Leah, look at one spot on the wall. Tell me five things you can see, five things you can feel, and five things you can hear. The first time a guy really hurt me, like, treated me like garbage, I dug my fingernails into my palms and pretended you were asking me to do that again.

So, what do you do with that? What if your memory isn't compartmentalized by emotion? I mean, I'm not worried about my life. I think it's a good thing that my memories are so multi-faceted and vivid that no place ever evokes solely one feeling. But still... it makes you think.

And ramble, clearly.

Loveyouall-lw

PS: Being a writer means...
-Sometimes you have to write, even if it's late, because the thoughts bubbling inside your head are too much to sleep.
-Sometimes you can't fully enjoy something in the moment, because you're already thinking of how to express it in words. This, however, lets you enjoy it later.

Tuesday, June 23, 2009

Sunday, June 21, 2009

BIG thoughts

Done.

Maybe that’s why I took so long to finish the 8th grade poetry book. Because on some level I knew that the completion of that would really mean the end. I mean, what do I really have left to do? Buy envelopes. Pack. Organize. Find those damn letters. Dayanara is afraid to go to high school so she’s subconsciously sabotaging herself with negative behavior. Is it all that different? Probably not.

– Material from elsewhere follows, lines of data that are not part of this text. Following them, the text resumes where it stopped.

Lemma nmatched_eq_from Rs j om1 om2 tf1 tf2 L :
  (forall t, j <= t -> om1 t = om2 t) ->
  (forall y t, j <= t -> tf1 y t = tf2 y t) ->
  nm j Rs om1 tf1 L = nm j Rs om2 tf2 L.
Proof.
elim: Rs j tf1 tf2 L => [|R Rs IH] j tf1 tf2 L eq_om eq_tf //=.
rewrite eq_om //; have [eq_sel eq_tf'] := step_eq_from j R (om2 j) tf1 tf2 eq_tf.
case: (step V d j R (om2 j) tf1) eq_sel eq_tf' => [tf1' s1].
case: (step V d j R (om2 j) tf2) => [tf2' s2] /= <- eq_tf'.
by congr (_ + _); apply: IH => [t|y t] lt_jt; [apply: eq_om|apply: eq_tf']; lia.
Qed.

(* For d = 0 a last match in the future would make [next_free] disagree with
   [free_at]. *)
Section PositiveDelay.
Hypothesis d_gt0 : 0 < d.

Lemma nmatched_next_free_bounds Rs j om tf L1 L2 :
  next_free j L1 <= next_free j L2 <= next_free j L1 + d ->
  nm j Rs om tf L2 <= nm j Rs om tf L1 <= nm j Rs om tf L2 + 1.
Proof.
elim: Rs j tf L1 L2 => [|R Rs IH] j tf L1 L2 nf_le //=.
case: (step V d j R (om j) tf) => [tf' s] /=.
rewrite -/(free_at j L1) -/(free_at j L2).
case: (s == Some i) => /=; last by apply: IH; move: nf_le; case: L1 L2 => [?|] [?|] /=; lia.
have IHj L1' L2' := IH j.+1 tf' L1' L2'.
case F1: (free_at j L1); case F2: (free_at j L2) => /=;
  [|have := IHj L2 (Some j)| |rewrite !add0n; apply: IHj];
  by move: F1 F2 nf_le; case: L1 L2 => [?|] [?|] /=; lia.
Qed.

Lemma nmatched_round_le j Rs om tf L (s1 s2 : bool) :
  (s2 -> ~~ s1 -> ~~ free_at j L) ->
  s2 && free_at j L + nm j.+1 Rs om tf (if s2 && free_at j L then Some j else L) <=
  s1 && free_at j L + nm j.+1 Rs om tf (if s1 && free_at j L then Some j else L).
Proof.
case: s1 s2 => [] [] //= sel_free; case F: (free_at j L) => //=.
- have := nmatched_next_free_bounds Rs j.+1 om tf L (Some j); clear sel_free.
  by move: F; case: L => [t|] /=; lia.
- by have := sel_free erefl erefl; rewrite F.
Qed.
End PositiveDelay.

Section BetterState.
Variables (v : V) (val : tstate).

(* [tf1] differs from [tf2] only in that it records [val] for [v] where [tf2]
   records nothing, and reading [val] in round [t] can only select [i] when the
   coin of [tf2] would not, unless [i] is not available in round [t]. *)
Definition favourable t L :=
  [\/ val = Sel /\ v <> i, val = NSel /\ v = i | ~~ free_at t L].

Definition better_state j (tf1 tf2 : tauT V) L := forall y t, j <= t -> tf1 y t <> tf2 y t ->
  [/\ y = v, t < d, tf2 y t = Unk, tf1 y t = val & favourable t L].

Lemma better_state_setrange j tf1 tf2 L x j0 c : better_state j tf1 tf2 L ->
  better_state j (setrange V d tf1 x j0 c) (setrange V d tf2 x j0 c) L.
Proof. by move=> better y t le_jt; rewrite /setrange; case: ifP => // _; exact: better. Qed.

Lemma better_state_next j tf1 tf2 L (m : bool) : better_state j tf1 tf2 L ->
  better_state j.+1 tf1 tf2 (if m && free_at j L then Some j else L).
Proof.
move=> better y t lt_jt neq; have [-> lt_td -> -> fav] := better y t (ltnW lt_jt) neq.
split=> //; case: (m && free_at j L) => //; apply: Or33 => /=; lia.
Qed.

Lemma step_better_state j R w tf1 tf2 L : better_state j tf1 tf2 L ->
  let: (tf1', s1) := step V d j R w tf1 in
  let: (tf2', s2) := step V d j R w tf2 in
  (s1 = s2 /\ better_state j tf1' tf2' L) \/
  ((forall y t, j < t -> tf1' y t = tf2' y t) /\
   (s2 == Some i -> s1 != Some i -> ~~ free_at j L)).
Proof.
move=> better; rewrite /step /reset.
case: (enum R) => [|x1 [|x2 [|x3 s]]]; [| |case: w => [[[] a] b]|];
  try by left; split=> //; do ?apply: better_state_setrange.
have [eq_v|neq_v] :=
  tstate_eq_or_neq (tf1 (if a then x1 else x2) j) (tf2 (if a then x1 else x2) j).
  by left; rewrite eq_v; split=> //; do 2 apply: better_state_setrange.
have [vE _ -> -> fav] := better _ j (leqnn j) neq_v.
right; split.
  move=> y t lt_jt; rewrite /setrange.
  case: ifP => // /negbT not_x2; case: ifP => // /negbT not_x1.
  have [//|neq] := tstate_eq_or_neq (tf1 y t) (tf2 y t).
  have [yv lt_td _ _ _] := better y t (ltnW lt_jt) neq.
  by move: not_x1 not_x2; rewrite yv -vE; case: a {neq_v fav vE} => /=; rewrite eqxx /=; lia.
rewrite !(inj_eq Some_inj).
case: fav => [[-> vi]|[-> <-]|//]; last by rewrite -vE eqxx.
move: vi; rewrite -vE; case: a b {vE neq_v} => [] [] /= vi /eqP eq_i;
  by rewrite ?eq_i ?eqxx in vi *.
Qed.

Lemma nmatched_better_state Rs j om tf1 tf2 L : 0 < d -> better_state j tf1 tf2 L ->
  nm j Rs om tf2 L <= nm j Rs om tf1 L.
Proof.
move=> d_gt0; elim: Rs j tf1 tf2 L => [|R Rs IH] j tf1 tf2 L better //=.
have := step_better_state j R (om j) _ _ _ better.
case: (step V d j R (om j) tf1) => [tf1' s1]; case: (step V d j R (om j) tf2) => [tf2' s2].
case=> [[-> better']|[eq_after sel_le]].
  by rewrite leq_add2l; apply: IH; apply: better_state_next.
rewrite (nmatched_eq_from Rs j.+1 om om tf2' tf1') //; last by move=> y t /eq_after.
exact: (nmatched_round_le d_gt0).
Qed.
End BetterState.
End Matching.

Section Coupling.
Variable k : nat.

(* A sender draw [(true, a, b)] has l <-> a and m <-> b; its image has
   m <-> b and fallback l <-> a. *)
Definition swap_roles (x : draw) : draw := let: (s, a, b) := x in (~~ s, b, a).

Definition swap_round1 (w : omega k.+1) : omega k.+1 :=
  [ffun o => if o == ord0 then swap_roles (w o) else w o].

Lemma swap_round1K : involutive swap_round1.
Proof.
move=> w; apply/ffunP => o; rewrite !ffunE; case: (o == ord0) => //.
by case: (w o) => [[s a] b] /=; rewrite negbK.
Qed.

Lemma draws0 (w : omega k.+1) : draws k.+1 w 0 = w ord0.
Proof. by rewrite /draws; case: insubP => [o _ o0|] //; congr (w _); apply: val_inj. Qed.

Lemma draws_swap_round1 (w : omega k.+1) j : 0 < j ->
  draws k.+1 (swap_round1 w) j = draws k.+1 w j.
Proof.
move=> j_gt0; rewrite /draws; case: insubP => [o _ oj|] //.
by rewrite ffunE; case: eqP => // o0; move: oj; rewrite o0 /=; lia.
Qed.

Lemma sender_round1_swap w : sender_round1 k.+1 (swap_round1 w) = ~~ sender_round1 k.+1 w.
Proof. by rewrite /sender_round1 !draws0 ffunE eqxx; case: (w ord0) => [[s a] b]. Qed.
End Coupling.

Lemma enum_card2 (T : finType) (A : {set T}) : #|A| = 2 -> exists x1 x2, enum A = [:: x1; x2].
Proof. by rewrite cardE; case: (enum A) => [|x1 [|x2 [|? ?]]] // _; exists x1, x2. Qed.

Lemma count_matched_swap_round1_le (V : finType) (d : nat) (R1 : {set V}) (Rs : seq {set V})
    (i x1 x2 : V) (w : omega (size Rs).+1) :
  0 < d -> enum R1 = [:: x1; x2] -> i \in R1 -> sender_round1 _ w ->
  count_matched V d i (R1 :: Rs) (swap_round1 _ w) <= count_matched V d i (R1 :: Rs) w.
Proof.
move=> d_gt0 R1E; rewrite -mem_enum R1E !inE => iR1.
rewrite /count_matched /= /step R1E !draws0 ffunE eqxx /sender_round1 draws0.
case: (w ord0) => [[s a] b] /= ->; rewrite leq_add2l.
have same_draws t : 1 <= t -> draws _ (swap_round1 _ w) t = draws _ w t.
  exact: draws_swap_round1.
rewrite (nmatched_eq_from V d i Rs 1 _ _ _ (tau0 V) _ same_draws); last first.
  by move=> y t _; rewrite /reset /setrange /tau0; do ![case: ifP => //].
apply: (nmatched_better_state V d i (if b then x1 else x2) (if a == b then Sel else NSel)
  _ _ _ _ _ _ d_gt0).
move=> y t le1t; rewrite /reset /setrange /tau0 /=.
case: ifP => [/and3P [/eqP-> _ lt_td] _|_]; last by case: ifP => _ /(_ erefl).
split=> //; rewrite /favourable /free_at !(inj_eq Some_inj) andbT.
have [_ | not_a] := eqVneq (if a then x1 else x2) i; first by apply: Or33; lia.
have other_i : (if ~~ a then x1 else x2) = i.
  by move: iR1 not_a; case: a => /orP[] /eqP -> //=; rewrite eqxx.
case: eqP => [<- | /eqP a_neq_b]; first by apply: Or31; split=> //; apply/eqP.
by apply: Or32; split=> //; rewrite -other_i; case: a b a_neq_b {not_a other_i} => [] [].
Qed.

Theorem claim3 (V : finType) (d : nat) (R1 : {set V}) (Rs : seq {set V}) (i : V) :
  0 < d ->
  all (fun R : {set V} => (#|R| == 1) || (#|R| == 2)) (R1 :: Rs) ->
  #|R1| = 2 -> i \in R1 ->
  (mu_receiver V d i (R1 :: Rs) <= mu V d i (R1 :: Rs) <= mu_sender V d i (R1 :: Rs))%R.
Proof.
move=> d_gt0 _ /enum_card2 [x1 [x2 R1E]] iR1.
apply: (average_involution_bounds _ _ _ _
  (fun w => (count_matched V d i (R1 :: Rs) w)%:R%R) (swap_round1K _)) => [w||w sender_w].
- exact: sender_round1_swap.
- by exists [ffun=> (true, true, true)]; rewrite /sender_round1 draws0 ffunE.
- by rewrite ler_nat; apply: count_matched_swap_round1_le R1E iR1 sender_w.
Qed.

the sheer volume of information I have in my head is overwhelming on a level I never thought possible. If I thought I could write it all down I’d try, but I don’t know how far I’d get before losing it completely. However, one skill I have perfected this year is learning to take my own advice, and practicing what I preach, so more often than not I find myself saying, “What would I tell a student who had this problem?” It works, surprisingly. I think using student strategies helps talk me down from my metacognitive cliff because a) they are good strategies, b) we are not that different and c) it keeps me humble. So, how would I advise myself?

First, a flood of ideas would deluge my mind. Then, I would consider where the student was coming from on every level I could think of, and suggest something I thought they could handle. So, what can I handle now? Right now, I need structure. I need some way to express these ideas, some medium, because or else I’ll burst (or deflate). But I think I need to structure it so I don’t freak myself out.

Marion’s idea of color coding everything is probably going to help in the later stages of this mental inventory and organization, but for now, I think I’ll just broadly compartmentalize. If I had to put all the info, duties, plans, necessities, every part of my life into three buckets, what would they be labeled?

Personal/me, curriculum, remembering as much as I can.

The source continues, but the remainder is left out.